In Short:
Research from MIT’s CSAIL shows that large language models (LLMs) trained on text can understand the visual world to create complex scenes and self-correct their drawings when prompted. LLMs learn visual knowledge from internet descriptions and can render objects and scenes accurately. The study used a “vision checkup” to assess LLMs’ abilities, showing potential for training computer vision systems without actual visual data. The research aims to explore further integration of LLMs with AI tools for enhanced artistic capabilities.
Language Models Demonstrate Understanding of Visual World, Study Finds
Language models (LLMs) trained solely on text show a remarkable grasp of the visual world, as researchers from MIT’s Computer Science and Artificial Intelligence Laboratory (CSAIL) observed. These models can generate complex scenes and objects based on text prompts and refine their images with each query.
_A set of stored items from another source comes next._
(* Let $n\ge2$ and let $\boldsymbol x^*$ be a pure Nash equilibrium of $\mathcal L(n,S)$. Then all $\boldsymbol x^*$-balanced players obtain the same payoff.
   Context: Network: $(V,E)$ is a finite connected graph with no vertex of degree $2$; each edge $e$ has a length $\lambda(e)>0$. $S$ is the metric measure space obtained by identifying each edge with a segment of length $\lambda(e)$, with length measure $\lambda$ and shortest-path distance $d$. Vertices have their graph degree, and interior points of edges have degree $2$. Location game $\mathcal L(n,S)$: $n$ players each choose a point of $S$. Consumers are distributed according to $\lambda$, and each shops at a closest occupied location. Consumers equidistant from several closest occupied locations are split equally among those locations, and the share of a location is split equally among the players located there. Payoff is the mass of consumers attracted. Nash equilibria are pure. For a profile $\boldsymbol x$ and $w\in S$: if $\operatorname{card}\{i:x_i=w\}=\operatorname{degree}(w)$, the players located at $w$ are called $\boldsymbol x$-balanced and $w$ is called $\boldsymbol x$-saturated. *)

From Stdlib Require Import Reals Lra Lia List Arith Relations ClassicalEpsilon.
Import ListNotations.
Open Scope R_scope.

(* Vertices are 0 .. nv-1, edges are 0 .. ne-1; edge e joins src e and dst e
   and has length len e. *)
Record network := Network {
  nv  : nat;
  ne  : nat;
  src : nat -> nat;
  dst : nat -> nat;
  len : nat -> R
}.

Definition vdegree (N : network) (v : nat) : nat :=
  length (filter (fun e => orb (Nat.eqb (src N e) v) (Nat.eqb (dst N e) v)) (seq 0 (ne N))).

Definition adj (N : network) (a b : nat) : Prop :=
  exists e, (e < ne N)%nat /\
    ((src N e = a /\ dst N e = b) \/ (src N e = b /\ dst N e = a)).

Definition wf_network (N : network) : Prop :=
  (0 < nv N)%nat /\
  (forall e, (e < ne N)%nat ->
      (src N e < nv N)%nat /\ (dst N e < nv N)%nat /\ src N e <> dst N e /\
      0 < len N e) /\
  (forall e f, (e < ne N)%nat -> (f < ne N)%nat -> e <> f ->
      ~ ((src N e = src N f /\ dst N e = dst N f) \/
         (src N e = dst N f /\ dst N e = src N f))) /\
  (forall a b, (a < nv N)%nat -> (b < nv N)%nat -> clos_refl_trans nat (adj N) a b) /\
  (forall v, (v < nv N)%nat -> vdegree N v <> 2%nat).

Inductive walk_len (N : network) : nat -> nat -> R -> Prop :=
| WL_nil : forall a, walk_len N a a 0
| WL_cons : forall a c b e l,
    (e < ne N)%nat ->
    ((src N e = a /\ dst N e = c) \/ (src N e = c /\ dst N e = a)) ->
    walk_len N c b l -> walk_len N a b (len N e + l).

(* infimum of a set of reals (chosen classically; 0 if it does not exist) *)
Definition Rinf (P : R -> Prop) : R :=
  epsilon (inhabits 0)
    (fun d => (forall l, P l -> d <= l) /\
              (forall d', (forall l, P l -> d' <= l) -> d' <= d)).

Definition vdist (N : network) (a b : nat) : R := Rinf (walk_len N a b).

(* Points of S: a vertex, or an interior point of edge e at distance t
   from src e (0 < t < len e). *)
Inductive point := PV (v : nat) | PE (e : nat) (t : R).

Definition valid_point (N : network) (p : point) : Prop :=
  match p with
  | PV v => (v < nv N)%nat
  | PE e t => (e < ne N)%nat /\ 0 < t < len N e
  end.

Definition point_eq_dec (p q : point) : {p = q} + {p <> q}.
Proof. decide equality; first [apply Req_EM_T | apply Nat.eq_dec]. Defined.

Definition exits (N : network) (p : point) : list (nat * R) :=
  match p with
  | PV v => [(v, 0)]
  | PE e t => [(src N e, t); (dst N e, len N e - t)]
  end.

Fixpoint Rmin_list (d : R) (l : list R) : R :=
  match l with [] => d | x :: l' => Rmin x (Rmin_list d l') end.

(* shortest-path distance in S: leave p through an end of its edge, travel
   along a shortest path in the graph, enter q; or, if p and q are interior
   points of the same edge, travel directly along that edge. *)
Definition dist (N : network) (p q : point) : R :=
  let via := flat_map (fun a => map (fun b => snd a + vdist N (fst a) (fst b) + snd b)
                                    (exits N q)) (exits N p) in
  let direct := match p, q with
                | PE e t, PE f s => if Nat.eq_dec e f then [Rabs (t - s)] else []
                | _, _ => []
                end in
  match direct ++ via with
  | [] => 0
  | x :: l => Rmin_list x l
  end.

Definition profile := nat -> point.

Definition nb_at (n : nat) (x : profile) (w : point) : nat :=
  length (filter (fun j => if point_eq_dec (x j) w then true else false) (seq 0 n)).

Definition degree (N : network) (w : point) : nat :=
  match w with PV v => vdegree N v | PE _ _ => 2%nat end.

(* distance from consumer y to the nearest occupied location (n >= 1) *)
Definition dmin (N : network) (n : nat) (x : profile) (y : point) : R :=
  Rmin_list (dist N y (x 0%nat)) (map (fun j => dist N y (x j)) (seq 0 n)).

Definition is_closest (N : network) (n : nat) (x : profile) (y : point) (j : nat) : bool :=
  if Req_EM_T (dist N y (x j)) (dmin N n x y) then true else false.
(* Let $f:M\to M$ possess a CMZ structure and fix $\beta>0$. (b) If $\mu_Y(\sigma>n)=O(e^{-an})$ for some $a>0$ and $\mu_X(h>n)\ge cn^{-\beta}$ for some $c>0$ and all $n\ge1$, then there exists $c'>0$ such that $\mu_Y(\varphi>n)\ge c'(\log n)^{-1}n^{-\beta}$ for all sufficiently large $n$. For every $\varepsilon>0$ there exists $q>1$ (depending on $\beta,\varepsilon$) such that, if $\mu_Y(\sigma>n)=O(n^{-q})$, then: (c) if $\mu_X(h>n)=O(n^{-\beta})$ then $\mu_Y(\varphi>n)=O(n^{-(\beta-\varepsilon)})$; (d) if $\mu_X(h>n)\ge cn^{-\beta}$ for some $c>0$, then there exists $c'>0$ with $\mu_Y(\varphi>n)\ge c'n^{-(\beta+\varepsilon)}$ for all $n\ge1$.
   Context: CMZ structure: $f:M\to M$ ergodic mixing measure-preserving on a probability space $(M,\mu)$; measurable $Y\subset X\subset M$, $\mu(Y)>0$; $h:X\to\mathbb Z^+$ the integrable first return time of $f$ to $X$, $f_X=f^h$, $\mu_X=\mu|_X/\mu(X)$; an integrable $\sigma:Y\to\mathbb Z^+$ constant on elements of a countable partition $\alpha$ such that $F=f_X^\sigma:Y\to Y$ is a full-branch Gibbs–Markov map with invariant probability $\mu_Y$; $f_X$ is modelled by the Young tower $Y^\sigma$ (the map $(y,\ell)\mapsto f_X^\ell y$, $0\le\ell<\sigma(y)$, pushes $(\mu_Y\times\text{counting})/\int\sigma\,d\mu_Y$ to $\mu_X$); $h$ is constant on $f_X^\ell(a)$ for $a\in\alpha$, $0\le\ell<\sigma(a)$; and $\varphi(y)=\sum_{\ell=0}^{\sigma(y)-1}h(f_X^\ell y)$ is the induced return time. *)

From HB Require Import structures.
From mathcomp Require Import all_boot all_order all_algebra.
From mathcomp Require Import all_classical all_reals all_analysis.
Set Implicit Arguments. Unset Strict Implicit. Unset Printing Implicit Defensive.
Import Order.TTheory GRing.Theory Num.Theory.
Import numFieldNormedType.Exports.
Local Open Scope classical_set_scope.
Local Open Scope ring_scope.

Section CMZ.
Context {d : measure_display} {M : measurableType d} {R : realType}.

Definition first_return_map (f : M -> M) (h : M -> nat) : M -> M :=
  fun x => iter (h x) f x.

Definition induced_map (f : M -> M) (h : M -> nat) (sigma : M -> nat) : M -> M :=
  fun y => iter (sigma y) (first_return_map f h) y.

Definition induced_return_time (f : M -> M) (h : M -> nat) (sigma : M -> nat)
  : M -> nat :=
  fun y => (\sum_(l < sigma y) h (iter l (first_return_map f h) y))%N.

Definition cond_measure (mu : probability M R) (X : set M) (A : set M) : \bar R :=
  (mu (A `&` X) * ((fine (mu X))^-1)%:E)%E.

Definition same_elem (alpha : set (set M)) (x y : M) : Prop :=
  exists2 a, alpha a & a x /\ a y.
Visual Aptitude Dataset Evaluation
CSAIL researchers devised a “vision checkup” to test LLMs’ visual knowledge using their Visual Aptitude Dataset. By prompting the models to self-correct images and gather final drafts, a computer vision system trained to identify real photo contents was developed.
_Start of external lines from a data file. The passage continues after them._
(* Let $\pi=(\pi_n^{n+1}\colon X_{n+1}\to X_n)_{n\ge1}$ be an inverse sequence of continuous maps between compact metric spaces. Then the following are equivalent: (1) $\pi$ satisfies MLC(1); (2) for any $n\ge1$ and $m\ge n+1$, $\pi_n^{n+1}(X_{n+1})=\pi_n^m(X_m)$; (3) for every $n\ge1$, $\hat{X}_n=\pi_n^{n+1}(X_{n+1})$.
   Context: For $m\ge n\ge1$, $\pi_n^m\colon X_m\to X_n$ is the identity if $m=n$ and $\pi_n^{n+1}\circ\pi_{n+1}^{n+2}\circ\cdots\circ\pi_{m-1}^m$ if $m>n$. $\hat{X}_n=\bigcap_{m\ge n}\pi_n^m(X_m)$. $\pi$ satisfies MLC(1) if $\pi_n^{n+1}(X_{n+1})=\pi_n^{n+2}(X_{n+2})$ for every $n\ge1$. *)

From HB Require Import structures.
From mathcomp Require Import all_boot all_order all_algebra.
From mathcomp Require Import all_classical all_reals all_analysis.
Unset Printing Implicit Defensive.
Local Open Scope classical_set_scope.

(* Inverse sequence, 0-indexed: p n : X (n.+1) -> X n  (paper's index n+1). *)

Fixpoint pi_comp {T : nat -> Type} (p : forall n, T n.+1 -> T n) (n k : nat)
  : T (k + n)%N -> T n :=
  match k return T (k + n)%N -> T n with
  | 0 => fun x => x
  | k'.+1 => fun x => @pi_comp T p n k' (p (k' + n)%N x)
  end.

Definition image_at {T : nat -> Type} (p : forall n, T n.+1 -> T n) (n k : nat)
  : set (T n) := range (@pi_comp T p n k).

Definition Xhat {T : nat -> Type} (p : forall n, T n.+1 -> T n) (n : nat)
  : set (T n) := \bigcap_(k in [set: nat]) image_at p n k.

Definition MLC1 {T : nat -> Type} (p : forall n, T n.+1 -> T n) : Prop :=
  forall n, image_at p n 1 = image_at p n 2.

From HB Require Import structures.
From mathcomp Require Import all_boot all_order all_algebra.
From mathcomp Require Import all_classical all_reals all_analysis.
Local Open Scope classical_set_scope.

(* The equivalence is purely set-theoretic.  The images pi_n^m(X_m) decrease in m, and
   pi_n^(m+1)(X_(m+1)) = pi_n^m(pi_m^(m+1)(X_(m+1))); hence MLC(1) at level m
   propagates to level n by induction on m, which makes all the images equal
   to pi_n^(n+1)(X_(n+1)) and therefore equal to their intersection.
   Conversely, if that intersection is pi_n^(n+1)(X_(n+1)), then
   pi_n^(n+2)(X_(n+2)) is squeezed between the two. *)

Section ImageAt.

Variables (T : nat -> Type) (p : forall n, T n.+1 -> T n).

Lemma image_atS_sub n k : image_at p n k.+1 `<=` image_at p n k.
Proof. by move=> x [y _ <-]; exists (p (k + n)%N y). Qed.

Lemma image_atS n k :
  image_at p n k.+1 = pi_comp p n k @` image_at p (k + n) 1.
Proof.
apply/seteqP; split => x.
  by case=> y _ <-; exists (p (k + n)%N y) => //; exists y.
by case=> y [z _ <-] <-; exists z.
Qed.

Lemma image_atSS n k :
  image_at p n k.+2 = pi_comp p n k @` image_at p (k + n) 2.
Proof.
apply/seteqP; split => x.
  by case=> y _ <-; exists (p (k + n)%N (p (k.+1 + n)%N y)) => //; exists y.
by case=> y [z _ <-] <-; exists z.
Qed.

Lemma Xhat_sub_image_at n k : Xhat p n `<=` image_at p n k.
Proof. by move=> x Xx; apply: Xx. Qed.

Lemma MLC1_image_at_eq : MLC1 p ->
  forall n k, image_at p n k.+1 = image_at p n 1.
Proof.
move=> mlc n; elim=> // k IHk.
by rewrite image_atSS -mlc -image_atS.
Qed.

Lemma Xhat_eq_image_at1 n :
  (forall k, image_at p n k.+1 = image_at p n 1) -> Xhat p n = image_at p n 1.
Proof.
move=> img_eq; apply/seteqP; split; first exact: Xhat_sub_image_at.
move=> x img1x [|k] _; first by exists x.
by rewrite img_eq.
Qed.

Lemma Xhat_eq_image_at1_MLC1 :
  (forall n, Xhat p n = image_at p n 1) -> MLC1 p.
Proof.
move=> Xhat_eq n; apply/seteqP; split; last exact: image_atS_sub.
by rewrite -Xhat_eq; apply: Xhat_sub_image_at.
Qed.

End ImageAt.

Theorem lemma2p1 (R : realType) (X : nat -> metricType R)
  (p : forall n, X n.+1 -> X n)
  (hcpt : forall n, compact [set: X n])
  (hcont : forall n, continuous (p n)) :
  [/\ (MLC1 p -> forall n k, (1 <= k)%N -> image_at p n 1 = image_at p n k),
      ((forall n k, (1 <= k)%N -> image_at p n 1 = image_at p n k) ->
         forall n, Xhat p n = image_at p n 1)
    & ((forall n, Xhat p n = image_at p n 1) -> MLC1 p)].
Proof.
split; last exact: Xhat_eq_image_at1_MLC1.
- by move=> mlc n [|k] // _; rewrite MLC1_image_at_eq.
- by move=> img_eq n; apply: Xhat_eq_image_at1 => k; rewrite -img_eq.
Qed.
Creating Synthetic Data for Training Vision Systems
The team generated code for various shapes and scenes with LLMs and compiled them into digital illustrations. The models showed the ability to understand spatial relations and even create unique visual concepts such as a car-shaped cake and a glowing light bulb.
Enhancing Computer Vision Systems
By combining LLMs’ hidden visual knowledge with other AI tools, such as diffusion models, researchers believe they can improve the accuracy and artistic capabilities of computer vision systems. This collaborative approach could lead to more enhanced image editing and recognition.
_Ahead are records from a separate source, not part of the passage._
(* Let $\mathfrak{g}$ be a nilpotent Lie algebra over an infinite field $\mathbb{F}$, and let $n$ be a non-negative integer such that $\dim[\mathfrak{g},\mathfrak{g}] > n(n-1)/2$. Then the set $\{x\in\mathfrak{g} : b(x)\ge n\}$ of elements of breadth at least $n$ cannot be covered by (i.e. is not contained in the union of) finitely many proper Lie subalgebras of $\mathfrak{g}$.
   Context: For an element $x$ of a Lie algebra $\mathfrak{g}$ over a field, the centralizer is $C_{\mathfrak{g}}(x)=\{y\in\mathfrak{g} : [x,y]=0\}$, and the breadth of $x$ is $b(x)=\dim\mathfrak{g}-\dim C_{\mathfrak{g}}(x)$, i.e. the codimension of $C_{\mathfrak{g}}(x)$ in $\mathfrak{g}$ (this is a non-negative integer or $\infty$ if $\mathfrak{g}$ is infinite-dimensional). $\mathfrak{g}'=[\mathfrak{g},\mathfrak{g}]$ denotes the derived subalgebra. *)

From HB Require Import structures.
From mathcomp Require Import all_boot all_order all_algebra.
Set Implicit Arguments. Unset Strict Implicit. Unset Printing Implicit Defensive.
Import Order.TTheory GRing.Theory Num.Theory.
Local Open Scope ring_scope.

Definition infinite_field (F : fieldType) : Prop :=
  forall s : seq F, exists x : F, x \notin s.

Record is_lie_bracket (F : fieldType) (L : lmodType F) (br : L -> L -> L) : Prop := {
  lie_linl : forall (a : F) (x y z : L), br (a *: x + y) z = a *: br x z + br y z;
  lie_linr : forall (a : F) (x y z : L), br x (a *: y + z) = a *: br x y + br x z;
  lie_alt  : forall x : L, br x x = 0;
  lie_jacobi : forall x y z : L, br x (br y z) + br y (br z x) + br z (br x y) = 0 }.

(* Membership in the lower central series g^1 = g, g^(k+2) = [g, g^(k+1)]
   (indexed from 0: lcs 0 = g). An element of [g, V] is a finite sum of brackets
   [a, b] with b in V. *)
Fixpoint lcs (F : fieldType) (L : lmodType F) (br : L -> L -> L) (k : nat) (v : L) : Prop :=
  match k with
  | 0 => True
  | k'.+1 => exists s : seq (L * L),
      (forall p, p \in s -> lcs br k' p.2) /\ v = \sum_(p <- s) br p.1 p.2
  end.

Definition nilpotent_lie (F : fieldType) (L : lmodType F) (br : L -> L -> L) : Prop :=
  exists c : nat, forall v : L, lcs br c v -> v = 0.

Definition in_derived (F : fieldType) (L : lmodType F) (br : L -> L -> L) (v : L) : Prop :=
  exists s : seq (L * L), v = \sum_(p <- s) br p.1 p.2.

Definition lin_indep (F : fieldType) (L : lmodType F) (m : nat) (v : 'I_m -> L) : Prop :=
  forall c : 'I_m -> F, \sum_(i < m) c i *: v i = 0 -> forall i, c i = 0.

(* dim g' > d  (dim may be infinite): g' contains more than d independent vectors. *)
Definition dim_derived_gt (F : fieldType) (L : lmodType F) (br : L -> L -> L) (d : nat) : Prop :=
  exists m : nat, (d < m)%N /\
    exists v : 'I_m -> L, (forall i, in_derived br (v i)) /\ lin_indep v.

(* C_g(x) = {y | [x,y] = 0};  b(x) >= n  iff  codim C_g(x) >= n, i.e. there are
   n vectors linearly independent modulo C_g(x). *)
Definition centralizer (F : fieldType) (L : lmodType F) (br : L -> L -> L) (x : L) : L -> Prop :=
  fun y => br x y = 0.

Definition breadth_ge (F : fieldType) (L : lmodType F) (br : L -> L -> L) (x : L) (n : nat) : Prop :=
  exists y : 'I_n -> L, forall c : 'I_n -> F,
    centralizer br x (\sum_(i < n) c i *: y i) -> forall i, c i = 0.

Definition lie_subalgebra (F : fieldType) (L : lmodType F) (br : L -> L -> L) (S : L -> Prop) : Prop :=
  [/\ S 0,
      (forall x y, S x -> S y -> S (x + y)),
      (forall (a : F) x, S x -> S (a *: x)) &
      (forall x y, S x -> S y -> S (br x y))].

Definition proper_subset_pred (L : Type) (S : L -> Prop) : Prop := exists x : L, ~ S x.

(* Suppose no element has breadth at least n, and let x have maximal breadth m < n,
   witnessed by u_1, ..., u_m with [x, u_i] independent.  Maximality gives
   [x, g] <= span [x, u_i].  It also gives [y, c] in span [x, u_i] whenever
   [x, c] = 0: otherwise x + t y would have breadth m + 1 for all but finitely
   many t, because a pencil a_i + t b_i of vectors with the a_i independent is
   independent off finitely many t.  Writing p = c + sum r_i u_i with [x, c] = 0,
   g' is therefore spanned by the [x, u_i] and the [u_i, u_j] with j < i, so
   dim g' <= m (m + 1) / 2 <= n (n - 1) / 2.  Hence some x0 has breadth >= n.
   Given proper subalgebras S_1, ..., S_k, pick p outside all of them (again a
   line argument); each S_i meets the line through x0 and p in at most one
   point, while all but finitely many points of that line have breadth >= n. *)

From HB Require Import structures.
From mathcomp Require Import all_boot all_order all_algebra.
From Stdlib Require Import Classical ClassicalEpsilon.
Set Implicit Arguments. Unset Strict Implicit. Unset Printing Implicit Defensive.
Import GRing.Theory.
Local Open Scope ring_scope.

Lemma lift_ord_max m (j : 'I_m) : lift ord_max j = widen_ord (leqnSn m) j.
Proof. by apply: ord_inj; rewrite lift_max. Qed.

Definition extend (T : Type) m (w : 'I_m -> T) (v : T) (i : 'I_m.+1) : T :=
  if unlift ord_max i is Some j then w j else v.

Lemma extend_widen (T : Type) m (w : 'I_m -> T) v j :
  extend w v (widen_ord (leqnSn m) j) = w j.
Proof. by rewrite -lift_ord_max /extend liftK. Qed.

Lemma extend_max (T : Type) m (w : 'I_m -> T) v : extend w v ord_max = v.
Proof. by rewrite /extend unlift_none. Qed.

Lemma extend_map (T U : Type) (f : T -> U) m (w : 'I_m -> T) v i :
  f (extend w v i) = extend (f \o w) (f v) i.
Proof. by rewrite /extend; case: (unlift ord_max i). Qed.
Lemma layer_ends a :
  (tail a = (layer a).-1 :> nat /\ head a = layer a :> nat) \/
  (tail a = layer a :> nat /\ head a = (layer a).-1 :> nat).
Proof.
have : joins tail head a (layer a) by rewrite joins_layer.
by case/orP => /andP[/eqP-> /eqP->]; [left | right].
Qed.

Lemma cut_crossing a i :
  ((tail a < i)%N%:R - (head a < i)%N%:R : R) = (joins tail head a i)%:R * orient a.
Proof.
rewrite joins_layer /orient; have /andP[l_gt0 _] := layer_range a.
case: (layer_ends a) => -[-> ->].
  by rewrite natr_ltn_predB // (_ : layer a < (layer a).-1 = false)%N ?mulr1 //; lia.
rewrite -opprB natr_ltn_predB // (_ : (layer a).-1 < layer a)%N ?mulrN1 //; lia.
Qed.

Lemma layer_flow (f : A -> R) i :
  \sum_(v : 'I_k.+1 | (v < i)%N) netflow tail head f v =
  \sum_(a | joins tail head a i) orient a * f a.
Proof.
rewrite (sum_netflow tail head f (fun v : 'I_k.+1 => (v < i)%N)) /=.
rewrite !(big_mkcond (fun a => _ < i)%N) -sumrB [RHS]big_mkcond.
apply: eq_bigr => a _; have /(congr1 (fun x => x * f a)) := cut_crossing a i.
by rewrite /= mulrBl -mulrA !mulr_natl !mulrb.
Qed.

Lemma cut_sides a i : ~~ joins tail head a i -> (tail a < i)%N = (head a < i)%N.
Proof.
rewrite joins_layer; have /andP[l_gt0 _] := layer_range a.
by case: (layer_ends a) => -[-> ->] *; apply/idP/idP; lia.
Qed.

Lemma orient_drop (p : nat -> R) a :
  orient a * (p (tail a) - p (head a)) = p (layer a).-1 - p (layer a).
Proof.
rewrite /orient; have /andP[l_gt0 _] := layer_range a.
case: (layer_ends a) => -[-> ->].
  by rewrite (_ : layer a < (layer a).-1 = false)%N ?mul1r //; lia.
by rewrite (_ : (layer a).-1 < layer a)%N ?mulN1r ?opprB //; lia.
Qed.

Lemma unit_flowP (f : A -> R) :
  netflow tail head f =1 chi R ord0 ord_max <->
  forall i, \sum_(a | joins tail head a i) orient a * f a = (0 < i <= k)%N%:R.
Proof.
split=> [conservation i | layers].
  by rewrite -layer_flow -chi_prefix; apply: eq_bigr.
by apply: prefix_sums_inj => i; rewrite layer_flow chi_prefix.
Qed.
Challenges and Future Research
While LLMs displayed creativity in drawing various concepts, they sometimes struggled to recognize the same concepts in real photos. The researchers plan to further explore the origins of LLMs’ visual knowledge and aim to train an improved vision model in the future.
Conclusion
The study, co-authored by researchers at MIT CSAIL, presents a novel approach to evaluating generative AI models in training computer vision systems. The team’s findings, supported by various grants and fellowships, will be presented at the IEEE/CVF Computer Vision and Pattern Recognition Conference.